I did answer some work emails today. I usually work four hours either Saturday or Sunday, but now that it’s just me, I kind of work all the time. I try to limit it to what used to be normal: 9am to 1pm, break for lunch, then work 3pm to 7pm. Happily, Gmail crashes and I can’t work anymore. I take my book and go across the street to sit on a bench in the park and read, with the sun warming my back. It feels so good to be outside, to feel the sun on me. It’s not just the vitamin D. Feeling the sun warm me cheers me up too.

President Vizcarra gave another address tonight. He announced that we have 363 confirmed cases in Peru, of which 31 are in critical condition in intensive care units. We have had five deaths in Peru from COVID-19. He also confirmed that in Cusco we are still at 4 cases and some regions of Peru don’t have any. He quickly followed that statement with a caution of how we do not have enough tests in Peru. There are probably patients with COVID-19 who have not been able to get tested yet. We have ordered a million tests and are still waiting for them to be delivered. He warned us to expect the numbers to keep going up, especially as we will soon be able to test more people.

Besides Lima, the largest jump in cases is in the region of Piura, where I went on a beach vacation in January. I wouldn’t be surprised if people there were still going out and finding a way to avoid the quarantine enforcement. It’s like the Florida of Peru.

What surprised me most was that he said that just yesterday, Saturday, 11,000 Peruvians were arrested for breaking the quarantine or curfew restrictions. He also warned us to only call the hotline 113 if we really need help. So far 140 phone numbers have been suspended for making false calls and wasting the time of people working the hotlines. He continued, very publicly shaming whoever had called 32 times, telling us all to take this seriously.
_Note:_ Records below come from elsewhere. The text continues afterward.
(* Let $r\ge2$, $k\ge3$ and let $\widehat{F}_k$ be an $r$-coloring of $K_k$. If $G$ is an $(r,\widehat{F}_k)$-extremal graph, $S\subseteq V(G)$ is an independent set and $H=G-S$, then for every $u,v\in S$ we have $\vec{u}_H=\vec{v}_H$.
   Context: An $r$-coloring of a graph assigns colors from $\{1,\dots,r\}$ to edges (not necessarily properly). A copy of $\widehat{F}_k$ in a colored graph is a set of $k$ pairwise adjacent vertices admitting a bijection to $V(K_k)$ under which two edges have equal colors iff their images have equal colors in $\widehat{F}_k$; a coloring is $\widehat{F}_k$-free if it has no copy. $c_{r,\widehat{F}_k}(G)$ is the number of $\widehat{F}_k$-free $r$-colorings of $E(G)$, $c_{r,\widehat{F}_k}(n)$ its maximum over $n$-vertex graphs, and an $n$-vertex graph $G$ is $(r,\widehat{F}_k)$-extremal if $c_{r,\widehat{F}_k}(G)=c_{r,\widehat{F}_k}(n)$. For a subgraph $H$ of $G$, a vertex $v\in V(G)\setminus V(H)$ and an $\widehat{F}_k$-free coloring $\widehat{H}$ of $H$, $c(v,\widehat{H})$ denotes the number of ways to $r$-color the edges of $G$ from $v$ to $V(H)$ so that the resulting coloring of $G[V(H)\cup\{v\}]$ is $\widehat{F}_k$-free. $\vec{v}_H$ is the vector indexed by the $\widehat{F}_k$-free $r$-colorings $\widehat{H}$ of $H$ with $\vec{v}_H(\widehat{H})=c(v,\widehat{H})$. *)

From mathcomp Require Import all_boot.
Set Implicit Arguments. Unset Strict Implicit. Unset Printing Implicit Defensive.

Section ColoredGraphs.
Variable V : finType.

Definition simple_graph (g : rel V) : Prop := symmetric g /\ irreflexive g.

Definition is_edge (g : rel V) (A : {set V}) : bool :=
  [exists x, exists y, [&& x != y, g x y & A == [set x; y]]].

Definition edge (g : rel V) := {A : {set V} | is_edge g A}.

Definition coloring (r : nat) (g : rel V) := {ffun edge g -> 'I_r}.

Definition ecol r (g : rel V) (c : coloring r g) (x y : V) : option 'I_r :=
  omap c (insub [set x; y] : option (edge g)).

(* Induced subgraph G[W], kept on the vertex type V (vertices outside W
   become isolated; its edge set is exactly E(G[W])). *)
Definition induced (g : rel V) (W : {set V}) : rel V :=
  fun x y => [&& x \in W, y \in W & g x y].

End ColoredGraphs.

Definition Kgraph (k : nat) : rel 'I_k := fun i j => i != j.
Arguments Kgraph k : clear implicits.

Definition has_copy (V : finType) r k (phi : coloring r (Kgraph k))
  (g : rel V) (c : coloring r g) : bool :=
  [exists s : {ffun 'I_k -> V},
     [&& injectiveb s,
         [forall i, forall j, (i != j) ==> g (s i) (s j)] &
         [forall i, forall j, forall i', forall j',
            ((i != j) && (i' != j')) ==>
            ((ecol c (s i) (s j) == ecol c (s i') (s j'))
             == (ecol phi i j == ecol phi i' j'))]]].

Definition Ffree (V : finType) r k (phi : coloring r (Kgraph k))
  (g : rel V) (c : coloring r g) : bool := ~~ has_copy phi c.

Definition cnt (V : finType) r k (phi : coloring r (Kgraph k)) (g : rel V) : nat :=
  #|[set c : coloring r g | Ffree phi c]|.

Definition extremal (V : finType) r k (phi : coloring r (Kgraph k)) (g : rel V) : Prop :=
  simple_graph g /\
  forall g' : rel V, simple_graph g' -> cnt phi g' <= cnt phi g.

(* c(v, Hhat): H = G[W], v \notin W, Hhat a coloring of H; number of
   F-free colorings of G[W ∪ {v}] extending Hhat (i.e. the colorings of
   the edges from v to W making the whole F-free). *)
Definition cext (V : finType) r k (phi : coloring r (Kgraph k)) (g : rel V)
  (W : {set V}) (v : V) (Hh : coloring r (induced g W)) : nat :=
  #|[set c : coloring r (induced g (v |: W)) |
      Ffree phi c &&
      [forall x, forall y,
         ((x \in W) && (y \in W)) ==> (ecol c x y == ecol Hh x y)]]|.

Arguments cext V r k phi g W v Hh : clear implicits.
Arguments cext {V r k} phi g W v Hh.

(* The vector \vec v_H, indexed by the F-free colorings of H = G[W]. *)
Definition cvec (V : finType) r k (phi : coloring r (Kgraph k)) (g : rel V)
  (W : {set V}) (v : V) : coloring r (induced g W) -> option nat :=
  fun Hh => if Ffree phi Hh then Some (cext phi g W v Hh) else None.
Arguments cvec {V r k} phi g W v Hh.

From mathcomp Require Import all_boot fingroup perm zify.
From Stdlib Require Import FunctionalExtensionality.

(* Colour G by first colouring H = G - S and then, independently for each vertex w
   of the independent set S, the edges from w to H:
     c(G) = sum_Ĥ prod_(w in S) c(w, Ĥ).
   For s : S -> S let G_s be G with every w in S replaced by a twin of s w; then
   c(G_s) = sum_Ĥ prod_w c(s w, Ĥ) <= c(G) by extremality.  If s is optimal and
   p != q are in S, write a = c(s p, Ĥ), b = c(s q, Ĥ) and R for the product over
   the remaining vertices; redirecting q to s p, resp. p to s q, gives
     sum (a^2 + b^2) R <= 2 c(G) = sum 2ab R,
   so both redirections are optimal and R (a - b)^2 = 0 termwise.  Collapsing
   S minus {u, v} onto u one vertex at a time keeps s optimal and makes
   R = c(u, Ĥ)^(|S|-2), whence c(u, Ĥ) = 0 or c(u, Ĥ) = c(v, Ĥ); by symmetry the two
   always agree. *)

Set Implicit Arguments. Unset Strict Implicit. Unset Printing Implicit Defensive.

Section Tables.
Variables (V : finType) (r : nat).

(* Colourings of different graphs on V have different types; to compare their
   numbers we encode a colouring by its symmetric table of pair colours, [None]
   off the edge set. *)
Definition table := {ffun V -> {ffun V -> option 'I_r}}.

Definition table_of (g : rel V) (c : coloring r g) : table :=
  [ffun x => [ffun y => ecol c x y]].

Definition table_on (g : rel V) (f : table) : bool :=
  [forall x, forall y, (f x y == f y x) && ((f x y != None) == is_edge g [set x; y])].

Definition restrict (A : {set V}) (f : table) : table :=
  [ffun x => [ffun y => if (x \in A) && (y \in A) then f x y else None]].

Definition relabel (p : {perm V}) (f : table) : table :=
  [ffun x => [ffun y => f (p x) (p y)]].

Lemma eq_set2 (x y a b : V) : x != y -> [set x; y] = [set a; b] ->
  (a = x /\ b = y) \/ (a = y /\ b = x).
Proof.
move=> xy E.
have := set21 a b; have := set22 a b; rewrite -E !inE.
have := set21 x y; have := set22 x y; rewrite E !inE.
by do 4![case/orP=> /eqP ?]; subst; rewrite ?eqxx in xy *; auto.
Qed.

Lemma is_edge_set2 (g : rel V) x y :
  is_edge g [set x; y] = (x != y) && (g x y || g y x).
Proof.
apply/existsP/andP => [[a /existsP[b /and3P[ab gab /eqP E]]] | [xy /orP[gxy|gyx]]].
- by have [[-> ->]|[-> ->]] := eq_set2 ab (esym E); rewrite ?gab ?orbT // eq_sym.
- by exists x; apply/existsP; exists y; rewrite xy gxy eqxx.
- by exists y; apply/existsP; exists x; rewrite eq_sym xy gyx setUC eqxx.
Qed.

Lemma ecolC (g : rel V) (c : coloring r g) x y : ecol c x y = ecol c y x.
Proof. by rewrite /ecol setUC. Qed.

Lemma ecol_neq_None (g : rel V) (c : coloring r g) x y :
  (ecol c x y != None) = is_edge g [set x; y].
Proof. by rewrite /ecol; case: insubP => [e -> _|/negbTE ->]. Qed.

Lemma table_onP (g : rel V) (f : table) :
  reflect (forall x y, f x y = f y x /\ (f x y != None) = is_edge g [set x; y])
          (table_on g f).
Proof.
apply: (iffP forallP) => [fg x y | fg x]; last first.
  by apply/forallP => y; have [-> ->] := fg x y; rewrite !eqxx.
by have /forallP/(_ y)/andP[/eqP -> /eqP ->] := fg x.
Qed.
I was so happy to hear him say that tomorrow the government will start sending financial relief directly to families. His current budget provides financial support for 2,750,000 families. It’s only 380 soles per family, but that will definitely make a huge difference for many families. For families without bank accounts, who cannot receive a direct transfer, there will be a process to distribute cash without causing crowds or lines. How that will work will be explained later, but he said even more important than financial help is preventing contagion.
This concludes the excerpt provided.